Image Smoother
EasyUpdated: Jul 26, 2025
Practice on:
Problem
An image smoother is a filter of the size 3 x 3 that can be applied to each cell of an image by rounding down the average of the cell and the eight surrounding cells (i.e., the average of the nine cells in the blue smoother).
If one or more of the surrounding cells of a cell is not present, we do not consider it in the average (i.e., the average of the four cells in the red smoother).
Given an m x n integer matrix img representing the grayscale of an image, return the image after applying the smoother on each cell of it.
Examples
Example 1
\Huge
\begin{array}{|c|c|c|}
\hline
1 & 1 & 1 \\\
\hline
1 & 0 & 1 \\\
\hline
1 & 1 & 1 \\\
\hline
\end{array}
\xrightarrow{\text{Image Smoother}}
\begin{array}{|c|c|c|}
\hline
0 & 0 & 0 \\\
\hline
0 & 0 & 0 \\\
\hline
0 & 0 & 0 \\\
\hline
\end{array}
Input: img = [[1,1,1],[1,0,1],[1,1,1]]
Output: [[0,0,0],[0,0,0],[0,0,0]]
Explanation:
For the points (0,0), (0,2), (2,0), (2,2): floor(3/4) = floor(0.75) = 0
For the points (0,1), (1,0), (1,2), (2,1): floor(5/6) = floor(0.83333333) = 0
For the point (1,1): floor(8/9) = floor(0.88888889) = 0
Example 2
\Huge
\begin{array}{|c|c|c|}
\hline
100 & 200 & 100 \\\
\hline
200 & 50 & 200 \\\
\hline
100 & 200 & 100 \\\
\hline
\end{array}
\xrightarrow{\text{Image Smoother}}
\begin{array}{|c|c|c|}
\hline
137 & 141 & 137 \\\
\hline
141 & 138 & 141 \\\
\hline
137 & 141 & 137 \\\
\hline
\end{array}
Input: img = [[100,200,100],[200,50,200],[100,200,100]]
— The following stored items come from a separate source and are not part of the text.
(* Let $F_1,F_2:\mathbb{R}^n\rightrightarrows\mathbb{R}^p$ be nearly convex set-valued mappings with $\operatorname{ri}(\operatorname{dom} F_1)\cap\operatorname{ri}(\operatorname{dom} F_2)\neq\emptyset$. Then $$\operatorname{ri}\big(\operatorname{gph}(F_1+F_2)\big)=\{(x,y)\in\mathbb{R}^n\times\mathbb{R}^p: x\in\operatorname{ri}(\operatorname{dom} F_1)\cap\operatorname{ri}(\operatorname{dom} F_2),\ y\in\operatorname{ri} F_1(x)+\operatorname{ri} F_2(x)\}.$$
   Context: A set $\Omega\subset\mathbb{R}^k$ is nearly convex if there is a convex set $C$ with $C\subset\Omega\subset\overline{C}$. For an arbitrary set $\Omega$, $\operatorname{ri}\Omega=\{a\in\Omega:\exists\delta>0,\ B(a;\delta)\cap\operatorname{aff}\Omega\subset\Omega\}$. For $F:\mathbb{R}^n\rightrightarrows\mathbb{R}^p$: $\operatorname{dom} F=\{x:F(x)\neq\emptyset\}$, $\operatorname{gph} F=\{(x,y):y\in F(x)\}$; $F$ is nearly convex if $\operatorname{gph} F$ is nearly convex. $(F_1+F_2)(x)=F_1(x)+F_2(x)$ (Minkowski sum, empty if either summand is empty). *)

(* R^k is modelled as 'rV[R]_k for R : realType,
   with the Euclidean norm; R^n x R^p is identified with R^(n+p) via row_mx. *)
From HB Require Import structures.
From mathcomp Require Import all_boot all_order all_algebra.
From mathcomp Require Import boolp classical_sets reals.
Set Implicit Arguments. Unset Strict Implicit. Unset Printing Implicit Defensive.
Import Order.TTheory GRing.Theory Num.Theory.
Local Open Scope ring_scope.
Local Open Scope classical_set_scope.

Section Defs.
Variable R : realType.

Definition enorm (k : nat) (v : 'rV[R]_k) : R := Num.sqrt (\sum_(i < k) v 0 i ^+ 2).

Definition eball (k : nat) (a : 'rV[R]_k) (d : R) : set 'rV[R]_k :=
  [set x | enorm (x - a) < d].

Definition eclosure (k : nat) (C : set 'rV[R]_k) : set 'rV[R]_k :=
  [set x | forall e : R, 0 < e -> exists c, C c /\ enorm (c - x) < e].

Definition convex_set (k : nat) (C : set 'rV[R]_k) : Prop :=
  forall x y t, C x -> C y -> 0 <= t -> t <= 1 -> C (t *: x + (1 - t) *: y).

Definition nearly_convex (k : nat) (Om : set 'rV[R]_k) : Prop :=
  exists C, convex_set C /\ C `<=` Om /\ Om `<=` eclosure C.

Definition aff (k : nat) (Om : set 'rV[R]_k) : set 'rV[R]_k :=
  [set x | exists (m : nat) (pts : 'I_m -> 'rV[R]_k) (w : 'I_m -> R),
      (forall i, Om (pts i)) /\ \sum_(i < m) w i = 1 /\
      x = \sum_(i < m) w i *: pts i].

Definition ri (k : nat) (Om : set 'rV[R]_k) : set 'rV[R]_k :=
  [set a | Om a /\ exists d : R, 0 < d /\ eball a d `&` aff Om `<=` Om].

Definition dom (n p : nat) (F : 'rV[R]_n -> set 'rV[R]_p) : set 'rV[R]_n :=
  [set x | F x !=set0].

Definition gph (n p : nat) (F : 'rV[R]_n -> set 'rV[R]_p) : set 'rV[R]_(n + p) :=
  [set z | exists x y, z = row_mx x y /\ F x y].

Definition nearly_convex_map (n p : nat) (F : 'rV[R]_n -> set 'rV[R]_p) : Prop :=
  nearly_convex (gph F).

Definition msum (p : nat) (A B : set 'rV[R]_p) : set 'rV[R]_p :=
  [set y | exists y1 y2, A y1 /\ B y2 /\ y = y1 + y2].

Definition sum_map (n p : nat) (F1 F2 : 'rV[R]_n -> set 'rV[R]_p) : 'rV[R]_n -> set 'rV[R]_p :=
  fun x => msum (F1 x) (F2 x).

End Defs.

From HB Require Import structures.
From mathcomp Require Import all_boot all_order all_algebra.
From mathcomp Require Import boolp classical_sets reals.
From mathcomp Require Import ring lra.
Import Order.TTheory GRing.Theory Num.Theory.
Local Open Scope ring_scope.
Local Open Scope classical_set_scope.
Set Implicit Arguments. Unset Strict Implicit. Unset Printing Implicit Defensive.

(* Fixing z0 ∈ C and a
   matrix B whose rows z0 + row i B lie in C and span every direction c - z0
   (c ∈ C), the relative interior of Om consists exactly of the points z ∈ C
   such that z + v ∈ C for all small v in the row space of B.

   The
   two inclusions of the theorem are proved separately, both by prolonging
   through points of the relative interiors and retracting along segments. *)

Section Euclid.
Variable R : realType.

Definition sqnorm (k : nat) (v : 'rV[R]_k) : R := \sum_(i < k) v 0 i ^+ 2.

Lemma sqnorm_ge0 k (v : 'rV[R]_k) : 0 <= sqnorm v.
Proof. by apply: sumr_ge0 => i _; rewrite sqr_ge0. Qed.

Lemma enorm_ge0 k (v : 'rV[R]_k) : 0 <= enorm v.
Proof. exact: sqrtr_ge0. Qed.

Lemma enorm_coord k (v : 'rV[R]_k) i : `|v 0 i| <= enorm v.
Proof.
rewrite /enorm -sqrtr_sqr ler_wsqrtr // (bigD1 i) //= lerDl.
by apply: sumr_ge0 => j _; rewrite sqr_ge0.
Qed.

Lemma enormZ k a (v : 'rV[R]_k) : enorm (a *: v) = `|a| * enorm v.
Proof.
rewrite /enorm -sqrtr_sqr -sqrtrM ?sqr_ge0 // mulr_sumr.
by congr Num.sqrt; apply: eq_bigr => i _; rewrite mxE exprMn.
Qed.

Lemma enormB k (u v : 'rV[R]_k) : enorm (u - v) = enorm (v - u).
Proof. by rewrite -opprB -scaleN1r enormZ normrN normr1 mul1r. Qed.

Lemma enorm0 k : enorm (0 : 'rV[R]_k) = 0.
Proof. by rewrite -(scale0r 0) enormZ normr0 mul0r. Qed.
Lemma nonneg_integrable_prod (R : realType) d1 d2 (T1 : measurableType d1)
    (T2 : measurableType d2) (mu : probability T1 R)
    (nu : probability T2 R) (f : T1 -> R) (g : T2 -> R) :
  nonneg_integrable mu f -> nonneg_integrable nu g ->
  nonneg_integrable (mu \x nu)%E (fun z => f z.1 * g z.2).
Proof.
move=> [mf f0 fi] [mg g0 gi].
have mfg : measurable_fun setT (fun z : T1 * T2 => f z.1 * g z.2).
  by apply: measurable_funM; apply: measurableT_comp.
have g0E y : (0 <= (g y)%:E)%E by rewrite lee_fin.
have int_g0 : (0 <= \int[nu]_y (g y)%:E)%E by exact: integral_ge0.
split => [//|z|]; first by rewrite mulr_ge0.
rewrite fubini_tonelli1 /fubini_F /=; last 2 first.
- exact/measurable_EFinP.
- by move=> z; rewrite lee_fin mulr_ge0.
under eq_integral => x _.
  under eq_integral do rewrite EFinM.
  rewrite ge0_integralZl_EFin //; last exact/measurable_EFinP.
  rewrite muleC.
  over.
rewrite ge0_integralZl //; first by rewrite lte_mul_pinfty // ge0_fin_numE.
- exact/measurable_EFinP.
- by move=> x _; rewrite lee_fin.
Qed.

Lemma nonneg_integrable_sqr_prod (R : realType) d1 d2 (T1 : measurableType d1)
    (T2 : measurableType d2) (mu : probability T1 R)
    (nu : probability T2 R) (f : T1 -> R) (g : T2 -> R) :
  nonneg_integrable mu (fun x => f x ^+ 2) -> nonneg_integrable nu (fun y => g y ^+ 2) ->
  nonneg_integrable (mu \x nu)%E (fun z => (f z.1 * g z.2) ^+ 2).
Proof.
move=> f2 g2; rewrite (_ : (fun z => _) = fun z => f z.1 ^+ 2 * g z.2 ^+ 2).
  exact: nonneg_integrable_prod f2 g2.
by apply/funext => z; rewrite exprMn.
Qed.

Section finite_variance.
Context (R : realType) (d : measure_display) (T : measurableType d)
  (mu : probability T R).

Lemma finite_variance_sqr_integrable (f : T -> R) :
  measurable_fun setT f -> nonneg_integrable mu (fun x => f x ^+ 2) ->
  finite_variance mu f.
Proof.
move=> mf f2; set c := fine (\int[mu]_y (f y)%:E)%E.
have one_f2 := nonneg_integrableD (nonneg_integrable_cst mu ler01) f2.
have absf : nonneg_integrable mu (fun x => `|f x|).
  apply: nonneg_integrable_le one_f2; first exact: measurableT_comp.
  move=> x; rewrite normr_ge0 /= -(real_normK (num_real (f x))).
  by have := sqr_ge0 (`|f x| - 1); nra.
have dev_bound := nonneg_integrableD (nonneg_integrableZl (c := 2) (ler0n _ 2) f2)
  (nonneg_integrable_cst mu (mulr_ge0 (ler0n _ 2) (sqr_ge0 c))).
have dev : nonneg_integrable mu (fun x => (f x - c) ^+ 2).
  apply: nonneg_integrable_le dev_bound.
    by apply: measurable_funX; apply: measurable_funB.
  by move=> x; rewrite sqr_ge0 /=; have := sqr_ge0 (f x + c); nra.
split; last by case: dev.
apply/integrableP; split; first exact/measurable_EFinP.
by case: absf.
Qed.

Lemma finite_variance_dominated (f g : T -> R) (c : R) :
  measurable_fun setT f -> nonneg_integrable mu (fun x => g x ^+ 2) ->
  (forall x, `|f x| <= c * g x) -> finite_variance mu f.
Proof.
move=> mf g2 fg; apply: finite_variance_sqr_integrable => //.
apply: nonneg_integrable_le (nonneg_integrableZl (sqr_ge0 c) g2).
  exact: measurable_funX.
move=> x; rewrite sqr_ge0 -exprMn -(real_normK (num_real (f x))).
by rewrite ler_pXn2r ?nnegrE ?fg // (le_trans _ (fg x)).
Qed.

End finite_variance.

Section partial_integral.
Context (R : realType) d1 d2 (T1 : measurableType d1) (T2 : measurableType d2).

Lemma measurable_fine_partial_integral (nu : probability T2 R)
    (F : T1 * T2 -> R) :
  measurable_fun setT F ->
  measurable_fun setT (fun x => fine (\int[nu]_y (F (x, y))%:E)%E).
Proof.
move=> mF; have mEF : measurable_fun setT (EFin \o F) by exact/measurable_EFinP.
apply: (measurableT_comp (fine_measurable _)) => //.
have -> : (fun x => \int[nu]_y (F (x, y))%:E)%E =
    ((fun x => \int[nu]_y ((EFin \o F)^\+ (x, y)))
     \- (fun x => \int[nu]_y ((EFin \o F)^\- (x, y))))%E.
  apply/funext => x; rewrite [LHS]integralE /=.
  by congr (_ - _)%E; apply: eq_integral => y _; rewrite !(funeposE, funenegE).
apply: emeasurable_funB; apply: measurable_fun_fubini_tonelli_F.
- exact: measurable_funepos.
- by move=> z; exact: funepos_ge0.
- exact: measurable_funeneg.
- by move=> z; exact: funeneg_ge0.
Qed.

Lemma normr_fine_integral_le (mu : {measure set T2 -> \bar R}) (f g : T2 -> R) (c : R) :
  measurable_fun setT f -> 0 <= c -> nonneg_integrable mu g ->
  (forall y, `|f y| <= c * g y) ->
  `|fine (\int[mu]_y (f y)%:E)%E| <= c * fine (\int[mu]_y (g y)%:E)%E.
Proof.
move=> mf c0 [mg g0 gi] fg.
set Ig := (\int[mu]_y (g y)%:E)%E.
have Ig0 : (0 <= Ig)%E by apply: integral_ge0 => y _; rewrite lee_fin.
have Ig_fin : Ig \is a fin_num by rewrite ge0_fin_numE.
suff : (`|\int[mu]_y (f y)%:E| <= (c * fine Ig)%:E)%E.
  by case: (\int[mu]_y _)%E => [r| |] //=; rewrite ?lee_fin // normr0 => _;
    rewrite mulr_ge0 // fine_ge0.
apply: le_trans (le_abse_integral _ _ _) _ => //; first exact/measurable_EFinP.
rewrite EFinM fineK // -ge0_integralZl_EFin //; last 2 first.
- by move=> y _; rewrite lee_fin.
- exact/measurable_EFinP.
apply: ge0_le_integral => //.
- apply: measurableT_comp => //; exact/measurable_EFinP.
- by apply/measurable_EFinP; apply: measurable_funM.
- by move=> y _ /=; rewrite -EFinM lee_fin.
Qed.

Lemma finite_variance_partial_integral (mu : probability T1 R)
    (nu : probability T2 R) (F : T1 * T2 -> R)
    (f : T1 -> R) (g : T2 -> R) (c : R) :
  measurable_fun setT F -> 0 <= c -> (forall x, 0 <= f x) ->
  nonneg_integrable mu (fun x => f x ^+ 2) -> nonneg_integrable nu g ->
  (forall x y, `|F (x, y)| <= c * (f x * g y)) ->
  finite_variance mu (fun x => fine (\int[nu]_y (F (x, y))%:E)%E).
Proof.
move=> mF c0 f0 f2 gi Fb.
apply: (@finite_variance_dominated _ _ _ _ _ f (c * fine (\int[nu]_y (g y)%:E)%E)) => //.
  exact: measurable_fine_partial_integral.
move=> x; rewrite mulrAC; apply: normr_fine_integral_le => //.
- exact: measurable_fun_pair2.
- by rewrite mulr_ge0.
- by move=> y; rewrite -mulrA Fb.
Qed.

End partial_integral.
Output: [[137,141,137],[141,138,141],[137,141,137]]
Explanation:
For the points (0,0), (0,2), (2,0), (2,2): floor((100+200+200+50)/4) = floor(137.5) = 137
For the points (0,1), (1,0), (1,2), (2,1): floor((200+200+50+200+100+100)/6) = floor(141.666667) = 141
For the point (1,1): floor((50+200+200+200+200+100+100+100+100)/9) = floor(138.888889) = 138
Constraints
m == img.lengthn == img[i].length1 <= m, n <= 2000 <= img[i][j] <= 255
Solution
Method 1 – Brute Force with Bounds Checking
Intuition
For each cell, we want the average of itself and its neighbors. We can check all 3x3 cells around each position, sum their values, count them, and take the floor of the average.
Approach
- For each cell (i, j) in the matrix:
- Initialize sum and count to 0.
- For each neighbor (di, dj) in [-1, 0, 1]:
- If (i+di, j+dj) is in bounds, add its value to sum and increment count.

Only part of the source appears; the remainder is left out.